Lemma hilbert_basis_irreducibleE S : hilbert_basis S M -> forall u, S u <-> irreducible M u.
Proof.
have M_ge0 v : M v -> forall i, 0 <= v i by case.
move=> [S_gen S_min] u; split; last exact: generates_irreducible M_ge0 S_gen.
pose S' v := S v /\ irreducible M v.
suff /(S_min S' (fun v (S'v : S' v) => S'v.1)) S'_S : generates S' M by move=> /S'_S [].
split=> [v [Sv _]|v Mv]; first exact: S_gen.1.
have [l [Sl v_sum]] := nn_comb_irreducible Mv.
exists l; split=> // p lp; split; last exact: Sl.
exact: generates_irreducible M_ge0 S_gen (Sl _ lp).
Qed.

End NonnegPart.

Lemma dvdz_conf_ge (g x : int) : 0 < g -> (g %| x)%Z -> 0 < x -> 0 <= g * x /\ `|g| <= `|x|.
Proof.
move=> g_gt0 /dvdzP [c ->] cg_gt0; have c_ge1 : 1 <= c by nia.
by split; nia.
Qed.

Lemma dvdz_conf_le (g x : int) : 0 < g -> (g %| x)%Z ->
  0 <= x * g -> `|x| <= `|g| -> x = 0 \/ x = g.
Proof.
move=> g_gt0 /dvdzP [c ->] cgg_ge0 cg_le; have c01 : 0 <= c <= 1 by nia.
have [->|->] : c = 0 \/ c = 1 by lia.
- by left; rewrite mul0r.
- by right; rewrite mul1r.
Qed.

Section Graver.

Variable L : vec -> Prop.
Hypotheses (latL : is_lattice L) (symL : sym_invariant L).

Lemma graver_opp w : graver L (vopp w) <-> graver L w.
Proof.
suff graverN u : graver L u -> graver L (vopp u) by split=> /graverN; rewrite ?voppK.
move=> [Lu [u_neq0 u_min]]; split; first exact: lattice_opp.
split=> [u0|v Lv v_neq0 v_le i].
  by apply: u_neq0 => i; have := u0 i; rewrite /vopp /vzero; lia.
have Nv_neq0 : ~ veq (vopp v) vzero.
  by move=> v0; apply: v_neq0 => k; have := v0 k; rewrite /vopp /vzero; lia.
have Nv_le : conf_le (vopp v) u by move=> k; have := v_le k; rewrite /vopp !normrN mulNr mulrN.
by have := u_min _ (lattice_opp latL Lv) Nv_neq0 Nv_le i; rewrite /vopp; lia.
Qed.

Lemma graver_nonneg w : (forall i, 0 <= w i) ->
  graver L w <-> irreducible (nonneg_part L) w.
Proof.
move=> w_ge0; split=> [[Lw [w_neq0 w_min]]|[[Lw _] [w_neq0 w_min]]].
  do 2!split=> //; move=> v [Lv v_ge0] v_neq0 v_le; apply: w_min => // i.
  by rewrite mulr_ge0 // !ger0_norm.
do 2!split=> //; move=> v Lv v_neq0 v_conf.
have v_ge0 i : 0 <= v i by have [] := v_conf i; have := w_ge0 i; nia.
by apply: w_min => // i; have [] := v_conf i; rewrite !ger0_norm.
Qed.

Variables (g : int) (gcd_g : is_gcd_entries L g).

(* [g (e_i - e_j)] lies in [L] and is conformally below [w]. *)
Lemma graver_mixed_sign w i j : graver L w -> 0 < w i -> w j < 0 -> w = ediff g i j.
Proof.
move=> [Lw [_ w_min]] wi_gt0 wj_lt0.
have [g_ge0 [g_dvd _]] := gcd_g.
have ij : i != j by apply/eqP => ij; move: wj_lt0; rewrite -ij; lia.
have g_gt0 : 0 < g.
  rewrite lt_def g_ge0 andbT; apply/eqP => g0.
  by have /dvdzP [c wi] := g_dvd _ i Lw; move: wi_gt0; rewrite wi g0 mulr0.
have Lg := lattice_ediff_gcd latL symL gcd_g ij.
have g_neq0 : ~ veq (ediff g i j) vzero by move=> /(_ i); rewrite /ediff eqxx /vzero; lia.
apply/esym/vext/w_min => // k; rewrite /ediff.
case: (eqVneq k i) => [->|ki]; first exact: dvdz_conf_ge g_gt0 (g_dvd _ _ Lw) wi_gt0.
case: (eqVneq k j) => [->|kj]; last by rewrite mul0r normr0.
have gNwj : (g %| - w j)%Z by rewrite dvdzE abszN -dvdzE g_dvd.
have Nwj_gt0 : 0 < - w j by rewrite oppr_gt0.
have [conf_sign conf_abs] := dvdz_conf_ge g_gt0 gNwj Nwj_gt0.
by rewrite mulNr -mulrN normrN -(normrN (w j)).
Qed.

Lemma graver_ediff i j : i != j -> 0 < g -> (forall a, ~ L (eunit g a)) ->
  graver L (ediff g i j).
Proof.
move=> ij g_gt0 no_unit; have ji : j != i by rewrite eq_sym.
have [_ [g_dvd _]] := gcd_g.
split; first exact: lattice_ediff_gcd.
split=> [/(_ i)|v Lv v_neq0 v_conf]; first by rewrite /ediff eqxx /vzero; lia.
have v0 k : k != i -> k != j -> v k = 0.
  move=> ki kj; have [_] := v_conf k.
  by rewrite /ediff (negbTE ki) (negbTE kj) normr0; lia.
have vi : v i = 0 \/ v i = g.
  have [vi_sign vi_abs] := v_conf i; rewrite /ediff eqxx in vi_sign vi_abs.
  exact: dvdz_conf_le g_gt0 (g_dvd _ _ Lv) vi_sign vi_abs.
have vj : v j = 0 \/ v j = - g.
  have [vj_sign vj_abs] := v_conf j; rewrite /ediff eqxx (negbTE ji) in vj_sign vj_abs.
  have gNvj : (g %| - v j)%Z by rewrite dvdzE abszN -dvdzE g_dvd.
  have Nvj_sign : 0 <= - v j * g by rewrite mulNr -mulrN.
  have Nvj_abs : `|- v j| <= `|g| by rewrite normrN -(normrN g).
  by case: (dvdz_conf_le g_gt0 gNvj Nvj_sign Nvj_abs) => ?; [left | right]; lia.
have v_eq : v = fun k => if k == i then v i else if k == j then v j else 0.
  apply: vext => k; case: eqVneq => [->|ki] //; case: eqVneq => [->|kj] //; exact: v0.
move: v_neq0 Lv; rewrite v_eq; case: vi vj => -> [] -> v_neq0 Lv.
- by case: v_neq0 => k; rewrite /vzero; case: (k == i); case: (k == j).
- case: (no_unit j).
  suff -> : eunit g j = vopp (fun k => if k == i then 0 else if k == j then - g else 0).
    exact: lattice_opp.
  apply: vext => k; rewrite /eunit /vopp; case: (eqVneq k j) => [->|kj].
    by rewrite (negbTE ji) opprK.
  by case: (k == i); rewrite oppr0.
- case: (no_unit i).
  suff -> : eunit g i = (fun k => if k == i then g else if k == j then 0 else 0) by [].
  by apply: vext => k; rewrite /eunit; case: (k == i); case: (k == j).
- by [].
Qed.

Lemma graver_ediffP i j : i != j ->
  graver L (ediff g i j) <-> 0 < g /\ forall a, ~ L (eunit g a).
Proof.
move=> ij; split=> [[_ [g_neq0 g_min]]|[]]; last exact: graver_ediff.
have g_gt0 : 0 < g.
  rewrite lt_def gcd_g.1 andbT; apply/eqP => g0; apply: g_neq0 => k.
  by rewrite g0 ediff0.
split=> // a /(lattice_eunit_relabel symL i) Li.
have unit_neq0 : ~ veq (eunit g i) vzero by move=> /(_ i); rewrite /eunit eqxx /vzero; lia.
have unit_le : conf_le (eunit g i) (ediff g i j).
  move=> k; rewrite /eunit /ediff; case: (k == i); last by rewrite mul0r normr0.
  by split=> //; apply: mulr_ge0; apply: ltW.
have := g_min _ Li unit_neq0 unit_le j.
by rewrite /eunit /ediff eq_sym (negbTE ij) eqxx; lia.
Qed.

End Graver.

Section GraverClassification.

Variables (L : vec -> Prop) (H : seq vec) (g : int).
Hypotheses (latL : is_lattice L) (symL : sym_invariant L).
Hypotheses (hbH : equivariant_hilbert_basis H (nonneg_part L)) (gcd_g : is_gcd_entries L g).

Lemma graverE w : graver L w <->
  sym_orbit (setof H) w \/ sym_orbit (setof H) (vopp w) \/
  graver L (gvec g) /\ exists i j, i != j /\ w = ediff g i j.
Proof.
have HBE := hilbert_basis_irreducibleE latL hbH.
split=> [gw|[/HBE irr_w | [/HBE irr_Nw | [g_graver [i [j [ij ->]]]]]]]; last 3 first.
- by apply/graver_nonneg => //; case: irr_w => [[_ w_ge0] _].
- by apply/graver_opp/graver_nonneg => //; case: irr_Nw => [[_ w_ge0] _].
- apply/(graver_ediffP latL symL gcd_g ij).
  exact/(graver_ediffP latL symL gcd_g (isT : 0%N != 1%N)).
case: (classic (forall i, 0 <= w i)) => [w_ge0|/not_all_ex_not [j /negP]].
  by left; apply/HBE/graver_nonneg.
rewrite -ltNge => wj_lt0.
case: (classic (forall i, w i <= 0)) => [w_le0|/not_all_ex_not [i /negP]].
  right; left; apply/HBE/graver_nonneg; last exact/graver_opp.
  by move=> i; rewrite /vopp oppr_ge0.
rewrite -ltNge => wi_gt0; have ij : i != j by apply/eqP => ij; move: wi_gt0; rewrite ij; lia.
have w_eq := graver_mixed_sign latL symL gcd_g gw wi_gt0 wj_lt0.
right; right; split; last by exists i, j.
apply/(graver_ediffP latL symL gcd_g (isT : 0%N != 1%N)).
by apply/(graver_ediffP latL symL gcd_g ij); rewrite -w_eq.
Qed.

Lemma equivariant_graver_basis_cat X :
  (forall w, sym_orbit (setof X) w <-> graver L (gvec g) /\ sym_orbit (setof [:: gvec g]) w) ->
  equivariant_graver_basis L (H ++ map vopp H ++ X).
Proof.
by move=> X_orbit w; rewrite graverE !sym_orbit_cat sym_orbit_map_opp X_orbit sym_orbit_gvec.
Qed.

End GraverClassification.

Lemma memv_cat_opp (H X : seq vec) h : List.In h H ->
  memv h (H ++ map vopp H ++ X) /\ memv (vopp h) (H ++ map vopp H ++ X).
Proof.
move=> Hh; split; [exists h | exists (vopp h)]; split=> //.
  by apply/List.in_app_iff; left.
apply/List.in_app_iff; right; apply/List.in_app_iff; left.
exact: List.in_map.
Qed.

Lemma In_cat_opp (H X : seq vec) v : List.In v (H ++ map vopp H ++ X) ->
  (exists h, List.In h H /\ (veq v h \/ veq v (vopp h))) \/ List.In v X.
Proof.
case/List.in_app_iff => [Hv|/List.in_app_iff [/List.in_map_iff [h [<- Hh]]|Xv]].
- by left; exists v; split=> //; left.
- by left; exists h; split=> //; right.
- by right.
Qed.

Unset Implicit Arguments.

Theorem theorem4p9 (L : vec -> Prop) (H : seq vec) (gL : int) :
  is_lattice L -> sym_invariant L ->
  equivariant_hilbert_basis H (nonneg_part L) ->
  is_gcd_entries L gL ->
  exists G : seq vec,
    equivariant_graver_basis L G /\
    (forall h, List.In h H -> memv h G /\ memv (vopp h) G) /\
    (forall v, List.In v G ->
       (exists h, List.In h H /\ (veq v h \/ veq v (vopp h))) \/
       veq v (gvec gL) \/ veq v (vopp (gvec gL))).
Proof.
move=> latL symL hbH gcd_g.
have basis := equivariant_graver_basis_cat latL symL hbH gcd_g.
case: (classic (graver L (gvec gL))) => [gvec_graver|gvec_not_graver].
  exists (H ++ map vopp H ++ [:: gvec gL]); split; first by apply: basis => w; split=> [|[]].
  split=> [h|v /In_cat_opp [|[<-|[]]]]; [exact: memv_cat_opp | by left | by right; left].
exists (H ++ map vopp H ++ [::]); split.
  by apply: basis => w; split=> [/sym_orbit_nil|[/gvec_not_graver]].
by split=> [h|v /In_cat_opp [|[]]]; [exact: memv_cat_opp | left].
Qed.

# What needs to be done
The output must consist solely of the lines from the first line of the records through the line containing "Variable L : vec -> Prop.", reproduced exactly.

# The answer
Lemma hilbert_basis_irreducibleE S : hilbert_basis S M -> forall u, S u <-> irreducible M u.
Proof.
have M_ge0 v : M v -> forall i, 0 <= v i by case.
move=> [S_gen S_min] u; split; last exact: generates_irreducible M_ge0 S_gen.
pose S' v := S v /\ irreducible M v.
suff /(S_min S' (fun v (S'v : S' v) => S'v.1)) S'_S : generates S' M by move=> /S'_S [].
split=> [v [Sv _]|v Mv]; first exact: S_gen.1.
have [l [Sl v_sum]] := nn_comb_irreducible Mv.
exists l; split=> // p lp; split; last exact: Sl.
exact: generates_irreducible M_ge0 S_gen (Sl _ lp).
Qed.

End NonnegPart.

Lemma dvdz_conf_ge (g x : int) : 0 < g -> (g %| x)%Z -> 0 < x -> 0 <= g * x /\ `|g| <= `|x|.
Proof.
move=> g_gt0 /dvdzP [c ->] cg_gt0; have c_ge1 : 1 <= c by nia.
by split; nia.
Qed.

Lemma dvdz_conf_le (g x : int) : 0 < g -> (g %| x)%Z ->
  0 <= x * g -> `|x| <= `|g| -> x = 0 \/ x = g.
Proof.
move=> g_gt0 /dvdzP [c ->] cgg_ge0 cg_le; have c01 : 0 <= c <= 1 by nia.
have [->|->] : c = 0 \/ c = 1 by lia.
- by left; rewrite mul0r.
- by right; rewrite mul1r.
Qed.

Section Graver.

Variable L : vec -> Prop.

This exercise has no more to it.